Wearing face masks not the same as residential school trauma: Critics

Non-Indigenous business owner has since posted an apology

Angie Roussin (right) posted about the residential school system on Instagram. Photo: Facebook


A First Nations woman is refusing to accept an apology from a non-Indigenous woman for comparing the trauma of residential schools to requests to wear a face mask.

Savannah George, of  B.C.’s Yuułuʔiłʔatḥ First Nation, said Angie Roussin has no right to use the traumatic legacy of residential schools for her own purposes.

“I think she did this for her own personal agenda of anti vax and anti mask. I think she did this to serve her own white privilege.”

George said she regularly speaks out on issues to help educate non-Indigenous people.

She tried again when Roussin, a small business owner in coastal B.C., used the oppression of Canada’s former Indian residential school system to illustrate what she feels are the dangers of wearing face masks.

Roussin’s original post on Instagram.


Roussin admits she made a mistake.

“I should never have put the residential schools comment because it’s way too triggering,” she said of her April 2 Instagram post.

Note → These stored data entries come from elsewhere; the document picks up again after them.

Lemma normc_comm_coef_le ab : normc (comm_coef ab) <= `|lam ab.1| * (2 * `|kap ab.2|).
Proof.
have phase_le : normc (pphase (E ab.1) (F ab.2) - pphase (F ab.2) (E ab.1)) <= 2.
  by apply: le_trans (le_normcD _ _) _; rewrite normcN !normc_pphase.
rewrite !Normc.normcM !normc_real -mulrA; apply: ler_wpM2l => //.
by rewrite mulrC; apply: ler_wpM2r.
Qed.

Lemma normc_pcoef_comm_le Z :
  normc (pcoef (psum comm_coef pauli_pair) Z)
  <= \sum_(ab | (pauli_pair ab == Z) && clash_pair ab) `|lam ab.1| * (2 * `|kap ab.2|).
Proof.
rewrite pcoef_psum (bigID clash_pair) /= [X in _ + X]big1 ?addr0;
  last by move=> ab /andP [_ /comm_coef_noclash].
apply: le_trans; first exact: normc_sum.
by apply: ler_sum => ab _; exact: normc_comm_coef_le.
Qed.

Lemma sum_fiber_fst_le Z a :
  \sum_(ab | ((pauli_pair ab == Z) && clash_pair ab) && (ab.1 == a)) `|lam ab.1|
  <= (if ~~ [disjoint supp Z & supp (E a)] then `|lam a| else 0).
Proof.
have [ab0 /andP [/andP [/eqP WZ cl] /eqP ab0a] | none] :=
  pickP (fun ab => ((pauli_pair ab == Z) && clash_pair ab) && (ab.1 == a)); last first.
  by rewrite big_pred0 //; case: ifP.
have fiber : (fun ab => ((pauli_pair ab == Z) && clash_pair ab) && (ab.1 == a)) =1 pred1 ab0.
  move=> ab /=; apply/idP/eqP => [/andP [/andP [/eqP Wab _] /eqP aba] | ->]; last first.
    by rewrite WZ eqxx cl ab0a eqxx.
  have eq1 : ab.1 = ab0.1 by rewrite aba ab0a.
  have eq2 : ab.2 = ab0.2.
    by apply: (k_local_inj hF); apply: (@pmulI _ (E ab.1)); rewrite -/(pauli_pair ab) Wab eq1 -WZ.
  by rewrite (surjective_pairing ab) (surjective_pairing ab0) eq1 eq2.
have meet : ~~ [disjoint supp Z & supp (E a)] by rewrite -WZ -ab0a; exact: clash_meet_pmul.
by rewrite (big_pred1 ab0 fiber) /= ab0a meet.
Qed.

Lemma sum_fiber_lam_le Z :
  \sum_(ab | (pauli_pair ab == Z) && clash_pair ab) `|lam ab.1| <= (2 * k * k')%:R * N1.
Proof.
have [ab0 /andP [/eqP WZ _] | none] := pickP (fun ab => (pauli_pair ab == Z) && clash_pair ab);
  last by rewrite big_pred0 // mulr_ge0 ?norm1loc_ham_ge0.
have /andP [kE kE'] := k_local_card ab0.1 hE.
have /andP [kF kF'] := k_local_card ab0.2 hF.
have cardZ : (#|supp Z| <= k + k')%N.
  rewrite -WZ; apply: leq_trans (subset_leq_card (supp_pmul _ _)) _.
  exact: leq_trans (leq_card_setU _ _).1 (leq_add kE' kF').
rewrite (partition_big fst predT) //=.
apply: le_trans (_ : \sum_a (if ~~ [disjoint supp Z & supp (E a)] then `|lam a| else 0) <= _).
  by apply: ler_sum => a _; exact: sum_fiber_fst_le.
rewrite -big_mkcond /=; apply: le_trans (_ : (k + k')%:R * N1 <= _).
  apply: sum_meet_le => [a | | t |];
    [exact: normr_ge0 | exact: norm1loc_ham_ge0 | exact: sum_supp_lam_le | exact: cardZ].
by apply: ler_wpM2r; [exact: norm1loc_ham_ge0 | rewrite ler_nat; nia].
Qed.

Lemma sqr_normc_pcoef_comm_le Z :
  normc (pcoef (psum comm_coef pauli_pair) Z) ^+ 2 <= (8 * k * k')%:R * N1 * weight Z.
Proof.
have sum_ge0 :
    0 <= \sum_(ab | (pauli_pair ab == Z) && clash_pair ab) `|lam ab.1| * (2 * `|kap ab.2|).
  by apply: sumr_ge0 => ab _; rewrite !mulr_ge0.
apply: le_trans (_ : (\sum_(ab | (pauli_pair ab == Z) && clash_pair ab)
                        `|lam ab.1| * (2 * `|kap ab.2|)) ^+ 2 <= _).
  by rewrite ler_sqr ?nnegrE ?normc_ge0 //; exact: normc_pcoef_comm_le.
apply: le_trans; first by apply: cauchy_schwarz_weighted => ab _; exact: normr_ge0.
have -> : \sum_(ab | (pauli_pair ab == Z) && clash_pair ab) `|lam ab.1| * (2 * `|kap ab.2|) ^+ 2
          = 4 * weight Z.
  by rewrite /weight mulr_sumr; apply: eq_bigr => ab _; rewrite exprMn; ring.
have weight_ge0 : 0 <= weight Z by apply: sumr_ge0 => ab _; rewrite mulr_ge0 ?sqr_ge0.
have -> : (8 * k * k')%:R * N1 * weight Z = (2 * k * k')%:R * N1 * (4 * weight Z).
  by rewrite !natrM; ring.
by apply: ler_wpM2r; [rewrite mulr_ge0 | exact: sum_fiber_lam_le].
Qed.
(* Let $k\ge 2$ and let $G=(\{a,b\},\varphi,a)$ be a D0L-system with $\varphi$ $k$-uniform. Then $G$ is not circular if and only if one of the following holds: (i) $\varphi(a)=\varphi(b)$; (ii) $\varphi(a)=a^k$ or $\varphi(b)=b^k$; (iii) $\varphi(a)=b^k$ and $\varphi(b)=a^k$; (iv) $k=2m+1$ with $m\ge1$, $\varphi(a)=(ab)^ma$ and $\varphi(b)=(ba)^mb$; (v) $k=2m+1$ with $m\ge1$, $\varphi(a)=(ba)^mb$ and $\varphi(b)=(ab)^ma$.
   Context: A D0L-system $G=(\mathcal{A},\varphi,w)$ has language $L(G)=\{\varphi^n(w):n\in\mathbb{N}\}$; $S(L(G))$ is the set of factors of its words. For $u\in S(L(G))$, an interpretation of $u$ is a triple $(p,v,s)$ with $p,s\in\mathcal{A}^*$, $v\in S(L(G))$, $\varphi(v)=pus$. Writing $v=v_1\cdots v_n$, $v'=v'_1\cdots v'_m$, $u=u_1\cdots u_\ell$, interpretations $(p,v,s)$, $(p',v',s')$ are synchronized at position $j$ if there are $i,i'$ with $\varphi(v_1\cdots v_i)=pu_1\cdots u_j$ and $\varphi(v'_1\cdots v'_{i'})=p'u_1\cdots u_j$; $u$ has a synchronizing point at position $j$ if all its interpretations are pairwise synchronized at $j$. A PD0L-system (no letter maps to $\varepsilon$) that is injective on $S(L(G))$ (i.e. $\varphi(u)=\varphi(v)$ with $u,v\in S(L(G))$ implies $u=v$) is circular if there exists $Z$ such that every $u\in S(L(G))$ with $|u|>Z$ has a synchronizing point. A morphism on $\{a,b\}$ is $k$-uniform if $|\varphi(a)|=|\varphi(b)|=k$. *)

From HB Require Import structures.
From mathcomp Require Import all_boot.
Set Implicit Arguments. Unset Strict Implicit. Unset Printing Implicit Defensive.

Inductive letter := la | lb.

Definition letter_eqb (x y : letter) : bool :=
  match x, y with la, la | lb, lb => true | _, _ => false end.
Lemma letter_eqP : Equality.axiom letter_eqb.
Proof. by case; case; constructor. Qed.
HB.instance Definition _ := hasDecEq.Build letter letter_eqP.

Definition word := seq letter.

Definition morph (phi : letter -> word) (w : word) : word := flatten (map phi w).

Definition inL (phi : letter -> word) (w x : word) : Prop :=
  exists n, x = iter n (morph phi) w.

Definition inS (phi : letter -> word) (w u : word) : Prop :=
  exists n, infix u (iter n (morph phi) w).

Definition nonerasing (phi : letter -> word) : Prop :=
  forall x, phi x <> [::].

Definition injective_on_S (phi : letter -> word) (w : word) : Prop :=
  forall u v, inS phi w u -> inS phi w v -> morph phi u = morph phi v -> u = v.

Definition interpretation (phi : letter -> word) (w : word)
  (u p v s : word) : Prop :=
  inS phi w v /\ morph phi v = p ++ u ++ s.

Definition synchronized_at (phi : letter -> word) (u : word)
  (p v p' v' : word) (j : nat) : Prop :=
  (exists i, i <= size v /\ morph phi (take i v) = p ++ take j u) /\
  (exists i', i' <= size v' /\ morph phi (take i' v') = p' ++ take j u).

Definition sync_point (phi : letter -> word) (w u : word) (j : nat) : Prop :=
  j <= size u /\
  forall p v s p' v' s',
    interpretation phi w u p v s -> interpretation phi w u p' v' s' ->
    synchronized_at phi u p v p' v' j.

Definition circular (phi : letter -> word) (w : word) : Prop :=
  nonerasing phi /\ injective_on_S phi w /\
  exists Z : nat, forall u, inS phi w u -> Z < size u ->
    exists j, sync_point phi w u j.

Definition uniform (k : nat) (phi : letter -> word) : Prop :=
  size (phi la) = k /\ size (phi lb) = k.

Definition alt (m : nat) (x y : letter) : word := flatten (nseq m [:: x; y]) ++ [:: x].

(* In a circular system all interpretations of a long factor cut it at
   positions that agree modulo k.  In case (i) injectivity fails; in cases (ii)
   and (iii) some letter has image c^k while arbitrarily long runs of that
   letter are factors, so long runs of c have interpretations with offsets 0
   and 1; in cases (iv) and (v) the same happens with alternating words.

   Conversely, outside (i)-(v), looking at the blocks of an interpretation shows
   that runs longer than k(2k+2) and alternating factors of length k(k(2k+2)+3)
   do not occur.  If a longer factor had two interpretations with offsets
   p1 < p2 < k, every block of the second would be a shifted concatenation of
   two consecutive blocks of the first.  The factor contains the transitions
   ab and ba and some square cc, and the three overlaps of phi(a), phi(b) they
   produce force phi(a) = phi(b), through the fact that words commuting with a
   common nonempty word and of equal length are equal. *)

From mathcomp Require Import all_boot zify.
From Stdlib Require Import Classical.
Set Implicit Arguments. Unset Strict Implicit. Unset Printing Implicit Defensive.

Section Words.

Variable T : eqType.

Lemma cat_eq_size (a b c d : seq T) :
  size a = size c -> a ++ b = c ++ d -> a = c /\ b = d.
Proof. by move=> H /eqP; rewrite eqseq_cat // => /andP [/eqP -> /eqP ->]. Qed.

Lemma catsI (s a b : seq T) : s ++ a = s ++ b -> a = b.
Proof. by move/cat_eq_size => /(_ erefl) []. Qed.

Lemma catIs (s a b : seq T) : size a = size b -> a ++ s = b ++ s -> a = b.
Proof. by move=> H /(cat_eq_size H) []. Qed.

(* Peel copies of [s] off the front of [p] and [q] until they are shorter than [s]. *)
Lemma commuting_words_eq (p q s : seq T) : size p = size q -> 0 < size s ->
  p ++ s = s ++ p -> q ++ s = s ++ q -> p = q.
Proof.
have [n] : exists n, size p <= n by exists (size p).
elim: n p q => [|n IH] p q Hn Hs Hs0 Hp Hq.
  by case: p q Hn Hs {Hp Hq} => // - [].
have take_s r : size r <= size s -> r ++ s = s ++ r -> r = take (size r) s.
  by move=> Hr /(congr1 (take (size r))); rewrite take_size_cat // takel_cat.
have [Hps|Hps] := leqP (size p) (size s).
  by rewrite (take_s p) // (take_s q) -?Hs.
have drop_s r : size s < size r -> r ++ s = s ++ r -> r = s ++ drop (size s) r.
  move=> Hr /(congr1 (take (size s))); rewrite takel_cat ?(ltnW Hr) // take_size_cat //.
  by move=> E; rewrite -{1}(cat_take_drop (size s) r) E.
have Hqs : size s < size q by rewrite -Hs.
rewrite (drop_s p) // (drop_s q) //; congr (_ ++ _); apply: IH.
- by rewrite size_drop; lia.
- by rewrite !size_drop Hs.
- exact: Hs0.
- by apply: (@catsI s); rewrite catA -drop_s.
- by apply: (@catsI s); rewrite catA -drop_s.
Qed.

“And I made such a big mistake because I tagged it with our towns because I’m so upset.”

Roussin, an entrepreneur who owns Pina Styles, an art and clothing store with outlets in Tofino and Ucluelet, describes herself as “a conspiracy theorist.”

She said she is anti-vaccination and anti-mask, and believes the global COVID-19 pandemic was manufactured to thin the human race.

Roussin and a local woman exchanged comments online.

That’s why she said she used the atrocity of residential schools to push back against pandemic restrictions.

“I’m trying to stand up for these things and I’m trying to sound the alarm,” she said in a telephone interview with APTN News where she broke down in tears several times. “This is a planned pandemic.

“As a person who is very white and very privileged I don’t mind risking things.”

Roussin has since posted an apology on Facebook that George rejects.

“She told me she had zero experience with residential school,” George said in an interview Tuesday.

Roussin’s amended post included an apology.

“She also told me to Google a man to teach me about survivors and my own intergenerational trauma.”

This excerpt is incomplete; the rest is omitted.